Top of Information

Lemma skipping_sub : skipping \subset advancing.
Proof.
apply/subsetP => t /skippingP t_ge; apply/advancingP => i.
by apply: leq_trans (t_ge i); rewrite leq_min geq_minr andbT (leq_trans (geq_minl _ _)).
Qed.

Lemma card_letters : #|letters| = n`! - n.-1`!.
Proof. by rewrite cardsD (setIidPr skipping_sub) card_advancing card_skipping. Qed.

Lemma letters_advancing t : t \in letters -> t \in advancing.
Proof. by rewrite inE => /andP[]. Qed.

Lemma advancing_letters (t : {ffun state -> state}) :
  t \in advancing -> t ord0 = 1 :> nat -> t \in letters.
Proof.
move=> t_adv t0; rewrite inE t_adv andbT; apply/skippingP => /(_ ord0).
by rewrite t0 (minn_idPl n_gt1).
Qed.

Lemma advancing_comp t1 t2 :
  t1 \in advancing -> t2 \in advancing -> [ffun i => t2 (t1 i)] \in advancing.
Proof.
move=> /advancingP t1_ge /advancingP t2_ge; apply/advancingP => i; rewrite ffunE.
apply: leq_trans (t1_ge i) (leq_trans _ (t2_ge (t1 i))).
by rewrite leq_min leqnSn -ltnS ltn_ord.
Qed.

Definition shift : {ffun state -> state} := [ffun i : state => inord (minn i.+1 n)].

Lemma shiftE (i : state) : shift i = minn i.+1 n :> nat.
Proof. by rewrite ffunE inordK // ltnS geq_minr. Qed.

Lemma shift_letters : shift \in letters.
Proof.
apply: advancing_letters; first by apply/advancingP => i; rewrite shiftE.
by rewrite shiftE (minn_idPl (ltnW n_gt1)).
Qed.

(* Every skipping map is [shift] followed by the letter [unshift t]. *)
Definition unshift (t : {ffun state -> state}) : {ffun state -> state} :=
  [ffun j => if j == ord0 then inord 1 else t (inord j.-1)].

Bottom of Information

[Directions]: Your answer must be one number: the count of lines in the entries that contain the string "shiftE".

[Response area]: 3